室温下Fe_(79)Ni_(19)Mn_2合金的压致bcc→hcp相变

Pressure Induced bcc→hcp Phase Transition of Fe_(79)Ni_(19)Mn_2 Alloy at Room Temperature

采用Mao-Bell型金刚石对顶砧及高压在位粉末X光衍射照相方法,研究了Fe_(79)Ni_(19)Mn_2合金在室温下,0～41.0 GPa压力范围内的压致结构相变和等温压缩行为。实验结果表明,该合金在低压时为bcc结构,在10.6 GPa压力附近出现压致bcc→hcp结构相变。二相共存压力区约12GPa。卸压到常压时,又恢复到bcc结构。用Murnaghan等温固体状态方程对合金的压缩数据进行最小二乘法拟合,得到了bcc相和hcp相的状态方程参量。对hcp相的晶格参数比小于1.633及存在宽范围的二相共存压力区进行了讨论。

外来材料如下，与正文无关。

(* For finite groups $G$ and $H$, $P_e(G)\cong P_e(H)$ if and only if $C(G)\cong C(H)$ and $|G|=|H|$.
   Context: All groups are finite. For a group $X$, the enhanced power graph $P_e(X)$ is the simple graph with vertex set $X$ in which two distinct vertices $x,y$ are adjacent if and only if $\langle x,y\rangle$ is cyclic. Let $\mathrm{Cyc}(X)=\{x\in X : \langle x,y\rangle \text{ is cyclic for all } y\in X\}$. The cyclic graph $C(X)$ is the induced subgraph of $P_e(X)$ on the vertex set $X\setminus \mathrm{Cyc}(X)$, i.e. two vertices $x,y\in X\setminus\mathrm{Cyc}(X)$ are adjacent iff $\langle x,y\rangle$ is cyclic. *)

From mathcomp Require Import all_boot all_fingroup all_solvable.
Set Implicit Arguments. Unset Strict Implicit. Unset Printing Implicit Defensive.
Local Open Scope group_scope.

(* A finite group is represented by a finGroupType gT, the group being [set: gT]. *)

Definition epg_adj (gT : finGroupType) (x y : gT) : bool :=
  (x != y) && cyclic <<[set x; y]>>.

Definition Cyc (gT : finGroupType) : {set gT} :=
  [set x : gT | [forall y : gT, cyclic <<[set x; y]>>]].

Definition induced_graph_iso (T U : finType) (eT : rel T) (eU : rel U)
    (A : {set T}) (B : {set U}) : Prop :=
  exists f : T -> U,
    [/\ {in A &, injective f}, f @: A = B &
        {in A &, forall x y, eT x y = eU (f x) (f y)}].

Definition Pe_iso (gT hT : finGroupType) : Prop :=
  induced_graph_iso (@epg_adj gT) (@epg_adj hT) [set: gT] [set: hT].

(* C(G) ≅ C(H): cyclic graph = induced subgraph of P_e on X \ Cyc(X) *)
Definition cyc_graph_iso (gT hT : finGroupType) : Prop :=
  induced_graph_iso (@epg_adj gT) (@epg_adj hT) (~: Cyc gT) (~: Cyc hT).

From mathcomp Require Import all_boot all_fingroup all_solvable.
Set Implicit Arguments. Unset Strict Implicit. Unset Printing Implicit Defensive.
Local Open Scope group_scope.

(** Cyc(X) is exactly the set of universal vertices of P_e(X), i.e. of the
  vertices adjacent to all others, and C(X) is P_e(X) with them removed.
  A graph isomorphism maps universal vertices onto universal vertices, so it
  restricts to an isomorphism of the remaining induced subgraphs. Conversely,
  in a simple graph a universal vertex is adjacent to everything but itself,
  so an isomorphism of the subgraphs extends to the whole graphs by any
  bijection between the sets of universal vertices, which are equinumerous
  as soon as the graphs have the same order. *)

Definition universal_vertices (T : finType) (e : rel T) : {set T} :=
  [set x | [forall y, (y != x) ==> e x y]].

Section Bijections.

Variables (T U : finType).

Lemma equicard_bij_in (g0 : T -> U) (A : {set T}) (B : {set U}) :
  #|A| = #|B| -> exists2 g : T -> U, {in A &, injective g} & g @: A = B.
Proof.
move=> cardAB; pose g x := nth (g0 x) (enum B) (index x (enum A)).
have index_lt x : x \in A -> index x (enum A) < size (enum B).
  by rewrite -cardE -cardAB cardE index_mem mem_enum.
have g_inj : {in A &, injective g}.
  move=> a b Aa Ab; rewrite /g (set_nth_default (g0 a) _ (index_lt b Ab)).
  move/eqP; rewrite nth_uniq ?enum_uniq ?index_lt //.
  by move/eqP/(congr1 (nth a (enum A))); rewrite !nth_index ?mem_enum.
exists g => //; apply/eqP; rewrite eqEcard card_in_imset // cardAB leqnn andbT.
by apply/subsetP => _ /imsetP[x Ax ->]; rewrite -mem_enum mem_nth ?index_lt.
Qed.

Definition patch (A : {set T}) (g f : T -> U) (x : T) : U :=
  if x \in A then g x else f x.

Variables (A : {set T}) (B : {set U}) (g f : T -> U).
Hypotheses (g_inj : {in A &, injective g}) (gA : g @: A = B).
Hypotheses (f_inj : {in ~: A &, injective f}) (fA : f @: (~: A) = ~: B).

Lemma mem_patch x : (patch A g f x \in B) = (x \in A).
Proof.
rewrite /patch; case: ifP => Ax; first by rewrite -gA imset_f.
by apply/negbTE; rewrite -in_setC -fA imset_f // inE Ax.
Qed.

Lemma patch_inj : injective (patch A g f).
Proof.
move=> a b eq_ab; have := mem_patch a; rewrite eq_ab mem_patch.
move: eq_ab; rewrite /patch; case: ifP => Aa; case: ifP => Ab // eq_ab _.
  exact: g_inj.
by apply: f_inj; rewrite // inE ?Aa ?Ab.
Qed.

End Bijections.

Section UniversalVertices.

Variables (T : finType) (e : rel T).
Hypothesis e_irr : irreflexive e.

Lemma universal_adjl x y : x \in universal_vertices e -> e x y = (x != y).
Proof.
rewrite inE => /forallP univ_x; case: eqVneq => [<-|neq_xy]; first exact: e_irr.
by apply: (implyP (univ_x y)); rewrite eq_sym.
Qed.

Hypothesis e_sym : symmetric e.

Lemma universal_adjr x y : y \in universal_vertices e -> e x y = (x != y).
Proof. by move=> univ_y; rewrite e_sym universal_adjl // eq_sym. Qed.

End UniversalVertices.

Section GraphIsomorphism.

Variables (T U : finType) (eT : rel T) (eU : rel U).
Let A := universal_vertices eT.
Let B := universal_vertices eU.

Lemma mono_universal_vertices (f : T -> U) :
    bijective f -> {mono f : x y / eT x y >-> eU x y} ->
  forall x, (f x \in B) = (x \in A).
Proof.
case=> g fK gK f_mono x; rewrite !inE; apply/forallP/forallP => univ_x y.
  by have := univ_x (f y); rewrite (can_eq fK) f_mono.
by rewrite -(gK y) (can_eq fK) f_mono.
Qed.

Lemma graph_iso_restrict_nonuniversal :
  induced_graph_iso eT eU setT setT ->
  induced_graph_iso eT eU (~: A) (~: B) /\ #|T| = #|U|.
Proof.
case=> f [f_inj fT f_adj].
have {}f_inj : injective f by move=> x y; apply: f_inj; rewrite inE.
have f_mono : {mono f : x y / eT x y >-> eU x y}.
  by move=> x y; rewrite f_adj ?inE.
have cardTU : #|T| = #|U| by rewrite -!cardsT -fT card_imset.
have f_bij : bijective f by apply: inj_card_bij f_inj _; rewrite cardTU.
have [g _ gK] := f_bij.
split=> //.
exists f; split => [x y _ _||x y _ _]; [exact: f_inj | | by rewrite f_mono].
apply/setP => z; rewrite -(gK z) mem_imset // !in_setC.
by rewrite (mono_universal_vertices f_bij f_mono).
Qed.

Hypotheses (eT_irr : irreflexive eT) (eT_sym : symmetric eT).
Hypotheses (eU_irr : irreflexive eU) (eU_sym : symmetric eU).

Lemma graph_iso_extend_universal :
  induced_graph_iso eT eU (~: A) (~: B) -> #|T| = #|U| ->
  induced_graph_iso eT eU setT setT.
Proof.
case=> f [f_inj fA f_adj] cardTU.
have cardAB : #|A| = #|B|.
  apply/(@addIn #|~: A|); rewrite cardsC -(card_in_imset f_inj) fA.
  by rewrite cardsC cardTU.
have [g g_inj gA] := equicard_bij_in f cardAB.
have h_inj := patch_inj g_inj gA f_inj fA.
have mem_h := mem_patch gA fA.
exists (patch A g f); split.
- by move=> x y _ _; apply: h_inj.
- by apply/eqP; rewrite eqEcard subsetT (card_imset _ h_inj) !cardsT cardTU leqnn.
move=> x y _ _; have h_eq := inj_eq h_inj.
case Ax: (x \in A).
  rewrite (universal_adjl eT_irr) // (universal_adjl eU_irr) ?h_eq //.
  by rewrite /B mem_h.
case Ay: (y \in A).
  rewrite (universal_adjr eT_irr eT_sym) //.
  rewrite (universal_adjr eU_irr eU_sym) ?h_eq //.
  by rewrite /B mem_h.
by rewrite /patch Ax Ay f_adj // inE ?Ax ?Ay.
Qed.

Lemma graph_isoE_nonuniversal :
  induced_graph_iso eT eU setT setT <->
  induced_graph_iso eT eU (~: A) (~: B) /\ #|T| = #|U|.
Proof.
split; first exact: graph_iso_restrict_nonuniversal.
by case; apply: graph_iso_extend_universal.
Qed.

End GraphIsomorphism.

Lemma epg_adj_irr (gT : finGroupType) : irreflexive (@epg_adj gT).
Proof. by move=> x; rewrite /epg_adj eqxx. Qed.

Lemma epg_adj_sym (gT : finGroupType) : symmetric (@epg_adj gT).
Proof. by move=> x y; rewrite /epg_adj eq_sym setUC. Qed.

Lemma Cyc_universal (gT : finGroupType) :
  Cyc gT = universal_vertices (@epg_adj gT).
Proof.
apply/setP => x; rewrite !inE; apply/forallP/forallP => cyc_x y.
  by rewrite /epg_adj eq_sym cyc_x andbT implybb.
case: (eqVneq y x) => [->|neq_yx]; first by rewrite setUid cycle_cyclic.
by case/andP: (implyP (cyc_x y) neq_yx).
Qed.

Theorem lemma2 (gT hT : finGroupType) :
  Pe_iso gT hT <-> cyc_graph_iso gT hT /\ #|gT| = #|hT|.
Proof.
rewrite /Pe_iso /cyc_graph_iso !Cyc_universal.
exact: graph_isoE_nonuniversal (@epg_adj_irr gT) (@epg_adj_sym gT)
  (@epg_adj_irr hT) (@epg_adj_sym hT).
Qed.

By use of Mao-Bell type diamond anvil cell(DAC) and an in-situ high-pressure powder X-ray diffraction method, the pressure induced phase transition and isothermal compression of Fe_(79)Ni_(19)Mn_2 (wt％) alloy were investigated at room temperature and a high pressure up to 41.0 GPa. The crystal structure of this alloy is bcc structure below 10. 6 GPa. The pressure induced bcc→hcp phase transition is occurred at 10. 6 GPa. The mean volume change for the phase transition is 0. 30±0. 02 cm^3/mol. The ratio of the lattice parameters of the hcp phase, c/a, keeps a constant with the value 1. 605±0. 003 in the pressure range from 10. 6 GPa to 41.0 GPa. The Coexistence pressure range of the bcc phase and the hcp phase is about 12 GPa, and there is the lattice spacing relationship of d_(002)_(hcp)=d_(110)_(bcc). In the course of unloading, the hcp phase can be maintained to 2. 6 GPa, and the alloy returns to the initial bcc structure entirely after the pressure is reduced to the atmosphere. The Murnaghan isothermal equations of states of the bcc phase and the hcp phase were fitted with the least-square method, for the bcc phase V_0=7. 16±0.02 cm^3/mol, B_0=123±8 GPa, B'_0=8.7±0.6, and for the hcp phase V_0=6. 73±0. 02 cm^3/mol, B_0=176±11 GPa, B'_0=5.7±0. 4. The question for the c/a ratio of the hcp phase being smaller than 1.633 and the mechanism for having wide pressure range of the two phase coexistence are discussed.